I might have got it to work. As per the original code I was using, here is the plot:
#load libraries
library(MASS)
library(lime)
library(randomForest)
#create data
var_1<- rnorm(100,1,4)
var_2 <-rnorm(10,10,5)
var_3<- c("0","2", "4")
var_3 <- sample(var_3, 100, replace=TRUE, prob=c(0.3, 0.6, 0.1))
response<- c("1","0")
response <- sample(response, 100, replace=TRUE, prob=c(0.3, 0.7))
#put them into a data frame called "f"
f <- data.frame(var_1, var_2, var_3, response)

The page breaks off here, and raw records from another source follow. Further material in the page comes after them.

(* A common point yields (v, s), (v, s') in Gam k and gam in Gam k such that
   (v, s') and the conjugate of (v, s) by gam differ by a central element of
   Gam k lying within 2M of r' - r. *)
Lemma cyl_band_disjoint k v M r r' : is_subgroup (Gam k) ->
  (forall t, Gam k (hc t) -> `|t| <= `|r - r'| + 2 * M -> t = 0) ->
  2 * M < `|r - r'| ->
  cyl Gam k (band (Gam k) v M r) `&` cyl Gam k (band (Gam k) v M r') = set0.
Proof.
move=> Gk_sub small_center far; apply/seteqP; split => // x.
move=> [[_ [g [[[v1 s] [Gs /= v1E] near] xg]]] [_ [g' [[[v2 s'] [Gs' /= v2E] near'] xg']]]].
subst v1 v2.
have [gam Ggam g'E] := coset_eqP Gk_sub (etrans (esym xg) xg').
move: near'; rewrite /= g'E sympl_mul => near'.
have := subgroup_div Gk_sub (subgroup_conj Gk_sub Gs Ggam) Gs'.
rewrite h3conjE h3divE /= => /small_center center0.
have := ler_norm (r - r'); have := ler_norm (r' - r); rewrite distrC => rr1 rr2.
move: near near'; rewrite !ler_norml => /andP [n1 n2] /andP [n3 n4].
have /center0 : `|s' - (s + sympl v gam)| <= `|r - r'| + 2 * M.
  by rewrite ler_norml; apply/andP; split; lra.
by move: far; rewrite ltr_normr => /orP [] ?; lra.
Qed.

End OdometerCylinders.

Section BandNull.
Context {R : realType} (Gam : nat -> set (H3 R)) (mu : probability (odo_space Gam) R).
Hypotheses (Gam_sub : forall n, is_subgroup (Gam n))
  (Gam_countable : forall n, countable (Gam n))
  (center_small : forall L : R, exists k, forall t, Gam k (hc t) -> `|t| <= L -> t = 0)
  (mu_inv : forall j g A, measurable A -> mu (cyl Gam j (h3mul g @` A)) = mu (cyl Gam j A)).

(* For every N, the cylinder over [band v M 0] has N pairwise disjoint
   translates, namely the cylinders over [band v M (i * (2M + 1))]. *)
Lemma bigcap_cyl_band_null v M : v != (0, 0) -> 0 <= M ->
  mu (\bigcap_k cyl Gam k (band (Gam k) v M 0)) = 0%E.
Proof.
move=> v_neq0 M_ge0; apply: probability_eq0_of_disjoint_majorants => N.
pose c := 2 * M + 1; have c_gt0 : 0 < c by rewrite /c; lra.
have [k Hk] := center_small (N%:R * c).
exists (fun i : 'I_N => cyl Gam k (band (Gam k) v M (i%:R * c))); split.
- by move=> i; apply: cyl_measurable; apply: band_measurable.
- move=> i j _ _ [x Fijx]; apply/val_inj/eqP; apply: contraT => nij.
  have [dist1 distN] := andP (natr_dist_bounds R (ltn_ord i) (ltn_ord j) nij).
  have distE : `|i%:R * c - j%:R * c| = `|i%:R - j%:R : R| * c.
    by rewrite -mulrBl normrM (gtr0_norm c_gt0).
  move: Fijx; rewrite cyl_band_disjoint // distE /c; last by nra.
  by move=> t /Hk Hkt tle; apply: Hkt; apply: le_trans tle _; rewrite /c; nra.
- move=> i; have [w wE] := exists_sympl (i%:R * c) v_neq0.
  rewrite -(band_translate wE) mu_inv; last exact: band_measurable.
  apply: le_measure; rewrite ?inE; last by move=> x /(_ k I).
  + by apply: bigcapT_measurable => n; apply: cyl_measurable; apply: band_measurable.
  + by apply: cyl_measurable; apply: band_measurable.
Qed.

End BandNull.

Lemma odo_act_center {R : realType} {Gam : nat -> set (H3 R)} {t x} :
  (forall n, is_subgroup (Gam n)) -> (forall n, Gam n (hc t)) -> odo_set Gam x ->
  odo_act (hc t) x = x.
Proof.
move=> Gam_sub Gt [x_coset _]; apply: funext => j; rewrite /odo_act.
by have [h ->] := x_coset j; exact: hc_stab_coset h (Gam_sub j) (Gt j).
Qed.

Section OdometerFreeness.
Context {R : realType} (Gam : nat -> set (H3 R)) (mu : probability (odo_space Gam) R).
Hypothesis Gam_sub : forall n, is_subgroup (Gam n).

Lemma odo_free_center_trivial : mu (odo_set Gam) = 1%E -> odo_free mu ->
  [set hc t | t in [set: R]] `&` \bigcap_n Gam n = [set h3one].
Proof.
move=> mu_X [N [mN N0 free_off_N]]; apply/seteqP; split => [_ [[t _ <-] Gt]|_ ->].
  have [->|t_neq0] := eqVneq t 0 => //; exfalso.
  have X_N : odo_set Gam `<=` N.
    move=> x Xx; apply: free_off_N => /(_ Xx (hc t)).
    by move=> /(_ (odo_act_center Gam_sub (fun n => Gt n I) Xx)) [] /eqP; apply/negP.
  have X_cyl : odo_set Gam = cyl Gam 0 setT.
    apply/seteqP; split => x; last by case.
    by move=> Xx; split => //; have [g ->] := Xx.1 0%N; exists g.
  have : (mu (odo_set Gam) <= mu N)%E.
    by apply: le_measure; rewrite ?inE // X_cyl; exact: cyl_measurable.
  by rewrite mu_X N0 lee_fin ler10.
by split; [exists 0 | move=> n _; exact: (Gam_sub n).1].
Qed.

Hypotheses (Gam_disc : forall n, is_discrete (Gam n))
  (Gam_dec : forall n, Gam n.+1 `<=` Gam n)
  (mu_inv : forall j g A, measurable A -> mu (cyl Gam j (h3mul g @` A)) = mu (cyl Gam j A)).

Lemma odo_stab_in_bands {x g} : (forall t, (forall n, Gam n (hc t)) -> t = 0) ->
  odo_set Gam x -> odo_act g x = x -> g <> h3one ->
  (\bigcup_(M : nat) \bigcup_(v in fst @` (Gam 0 `&` [set gam | gam.1 != (0, 0)]))
     \bigcap_k cyl Gam k (band (Gam k) v M%:R 0)) x.
Proof.
move=> center0 Xx gx g_neq1.
have stab j : exists2 h, x j = coset h (Gam j) & h3mul g @` coset h (Gam j) = coset h (Gam j).
  by have [h xj] := Xx.1 j; exists h; rewrite -?xj // -[in RHS]gx.
have g1_neq0 : g.1 != (0, 0).
  apply/eqP => g1_0; apply: g_neq1.
  have g2_0 : g.2 = 0.
    apply: center0 => n; have [h _ /(coset_stab_conj (Gam_sub n))] := stab n.
    by rewrite g1_0 /sympl /= !mul0r subrr addr0.
  by rewrite [g]surjective_pairing g1_0 g2_0.
have [M gM] : exists M : nat, `|g.2| <= M%:R.
  by exists (Num.bound `|g.2|); exact/ltW/archi_boundP.
exists M => //; exists g.1.
  have [h _ fix0] := stab 0%N.
  by exists (g.1, g.2 + sympl g.1 h) => //; split => //; exact: coset_stab_conj fix0.
move=> k _; have [h xk fixk] := stab k; split => //.
by exists h; split => //; exact: coset_stab_band.
Qed.

Lemma center_trivial_odo_free :
  [set hc t | t in [set: R]] `&` \bigcap_n Gam n = [set h3one] -> odo_free mu.
Proof.
move=> center1.
have center0 t : (forall n, Gam n (hc t)) -> t = 0.
  move=> Gt; suff : [set h3one] (hc t) by case.
  by rewrite -center1; split; [exists t | move=> n _; exact: Gt].
have [e e_gt0 sep] := discrete_center_separated (Gam_sub 0) (Gam_disc 0).
have center_small := separated_eventually_ball (Z := fun n => [set t | Gam n (hc t)]) e_gt0
  (fun n t => @Gam_dec n (hc t)) sep center0.
have Gam_countable n := discrete_countable (Gam_disc n).
pose V := fst @` (Gam 0 `&` [set gam | gam.1 != (0, 0)]).
apply: (@negligibleS _ _ _ mu
  (\bigcup_(M : nat) \bigcup_(v in V) \bigcap_k cyl Gam k (band (Gam k) v M%:R 0))).
  move=> x /= x_bad; apply: contrapT => x_good; apply: x_bad => Xx g gx.
  by apply: contrapT => g_neq1; exact: x_good (odo_stab_in_bands center0 Xx gx g_neq1).
apply: negligible_bigcup => M; apply: negligible_countable_bigcup.
  apply: sub_countable (card_image_le _ _) _.
  exact: sub_countable (subset_card_le (@subIsetl _ _ _)) (Gam_countable 0).
move=> _ [gam [_ gam1] <-]; apply/negligibleP.
  by apply: bigcapT_measurable => k; apply: cyl_measurable; exact: band_measurable.
exact: bigcap_cyl_band_null.
Qed.

End OdometerFreeness.

Theorem theorem3p1 (R : realType) (Gam : nat -> set (H3 R))
  (hlat : forall n, lattice (Gam n))
  (hnest : forall n, Gam n.+1 `<=` Gam n)
  (mu : probability (odo_space Gam) R)
  (hX : mu (odo_set Gam) = 1%E)
  (hinv : forall (j : nat) (g : H3 R) (A : set (H3 R)), measurable A ->
     mu (cyl Gam j (h3mul g @` A)) = mu (cyl Gam j A)) :
  odo_free mu <->
  [set hc t | t in [set: R]] `&` \bigcap_n Gam n = [set h3one].
Proof.
have Gam_sub n : is_subgroup (Gam n) by case: (hlat n).
have Gam_disc n : is_discrete (Gam n) by case: (hlat n).
split; first exact: odo_free_center_trivial Gam_sub hX.
exact: center_trivial_odo_free Gam_sub Gam_disc hnest hinv.
Qed.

#declare var_3 and response_variable as factors
f$var_3 = as.factor(f$var_3)
f$response = as.factor(f$response)
# run random forest on all the data except the first observation
model<-randomForest(response ~., data = f , mtry=2, ntree=100)

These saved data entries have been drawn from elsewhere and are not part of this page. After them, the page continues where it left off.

Lemma ln_le_sub1 u : 0 < u -> ln u <= u - 1.
Proof.
  intros Hu. rewrite <- (ln_exp (u - 1)). apply ln_le; [exact Hu |].
  generalize (exp_ineq1_le (u - 1)). lra.
Qed.

Lemma Imax_attained (f : R -> R) t0 : 0 <= t0 ->
  (forall t, 0 <= t -> f t <= f t0) -> Imax f = Finite (f t0).
Proof.
  intros Ht0 Hle. apply is_lub_Rbar_unique. split.
  - intros x [t [Ht ->]]. now apply Hle.
  - intros b Hb. apply Hb. now exists t0.
Qed.

Section SIRDynamics.

Variables (N gamma R0 : R) (S I Rc : R -> R).
Hypothesis HN : 0 < N.
Hypothesis Hgamma : 0 < gamma.
Hypothesis HR0 : 0 < R0.
Hypothesis Hsol : SIR_solution N gamma R0 S I Rc.
Hypothesis HS0 : 0 < S 0.
Hypothesis HI0 : 0 < I 0.

Lemma S_derive t : 0 < t -> is_derive S t (- (gamma * R0 * S t * I t / N)).
Proof. intros Ht. apply (proj1 Hsol t Ht). Qed.

Lemma I_derive t : 0 < t -> is_derive I t (gamma * R0 * S t * I t / N - gamma * I t).
Proof. intros Ht. apply (proj1 Hsol t Ht). Qed.

Lemma S_right_continuous t : 0 <= t -> right_continuous S t.
Proof.
  intros Ht. destruct (Req_dec t 0) as [-> | Ht0]; [exact (proj1 (proj2 Hsol)) |].
  apply right_continuous_of_continuous, (ex_derive_continuous S t).
  eexists. apply S_derive. lra.
Qed.

Lemma I_right_continuous t : 0 <= t -> right_continuous I t.
Proof.
  intros Ht. destruct (Req_dec t 0) as [-> | Ht0]; [exact (proj1 (proj2 (proj2 Hsol))) |].
  apply right_continuous_of_continuous, (ex_derive_continuous I t).
  eexists. apply I_derive. lra.
Qed.

(* The first integral of the system, with threshold c = N / R0. *)
Definition V (t : R) : R := I t + S t - N / R0 * ln (S t).

(* dV/dt = I' + S' - c S'/S = 0 wherever S > 0. *)
Lemma V_derive t : 0 < t -> 0 < S t -> is_derive V t 0.
Proof.
  intros Ht HSt.
  assert (H := is_derive_minus _ _ t _ _
    (is_derive_plus _ _ t _ _ (I_derive t Ht) (S_derive t Ht))
    (is_derive_scal _ t (N / R0) _
       (is_derive_comp ln S t _ _ (is_derive_ln _ HSt) (S_derive t Ht)))).
  apply (is_derive_eq _ _ _ _ H).
  unfold minus, plus, opp, scal; simpl. unfold mult; simpl. field. lra.
Qed.

Lemma V_constant T : (forall s, 0 <= s < T -> 0 < S s) ->
  forall t, 0 <= t < T -> V t = V 0.
Proof.
  intros HS. apply constant_from_0.
  - apply right_continuous_plus; [apply right_continuous_plus |].
    + apply I_right_continuous; lra.
    + apply S_right_continuous; lra.
    + apply right_continuous_opp, right_continuous_mult.
      * apply right_continuous_of_continuous, continuous_const.
      * apply right_continuous_comp; [apply S_right_continuous; lra | apply continuous_ln, HS0].
  - intros t Ht. apply V_derive; [| apply HS]; lra.
Qed.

model<-as_classifier(model, labels = NULL)
#run the "lime" procedure on the first observation
explainer <- lime(f[-1,], model, bin_continuous = TRUE, quantile_bins = FALSE)
explanation <- explain(f[-1, ], explainer, n_labels = 1, n_features = 4)
#visualize the results - here is the error:
plot_features(explanation, ncol = 1)
I change the code (see below):
#load libraries
library(MASS)
library(lime)
library(randomForest)
#create data
var_1<- rnorm(100,1,4)
var_2 <-rnorm(10,10,5)
var_3<- c("0","2", "4")
var_3 <- sample(var_3, 100, replace=TRUE, prob=c(0.3, 0.6, 0.1))
response<- c("1","0")
response <- sample(response, 100, replace=TRUE, prob=c(0.3, 0.7))
#put them into a data frame called "f"
f <- data.frame(var_1, var_2, var_3, response)
#declare var_3 and response_variable as factors
f$var_3 = as.factor(f$var_3)
f$response = as.factor(f$response)
# run random forest on all the data except the first observation
model<-randomForest(response ~., data = f , mtry=2, ntree=100)
model<-as_classifier(model, labels = NULL)
#run the "lime" procedure on the first observation
explainer <- lime(f[-1,], model, bin_continuous = TRUE, quantile_bins = FALSE)
explanation <- explain(f[-1, ], explainer, n_labels = 1, n_features = 4)
#visualize the results - here is the error:
plot_features(explanation, case =1:4, ncol = 1)
I don't understand what changed - but at least the graphics now show up. Suppose I am interested in only the first observation. I am still confused whether these lines should be:
explainer <- lime(f[-1,], model, bin_continuous = TRUE, quantile_bins = FALSE)
explanation <- explain(f[-1, ], explainer, n_labels = 1, n_features = 4)
or
explainer <- lime(f, model, bin_continuous = TRUE, quantile_bins = FALSE)
explanation <- explain(f, explainer, n_labels = 1, n_features = 4)
I am also not sure what is the difference between "probability" and "explanation fit". I assume "probability" is the probability generated by the random forest model, and "explanation fit" measures the "explanatory power" of the LIME model.
(If someone knows about this, could they please comment below? thanks)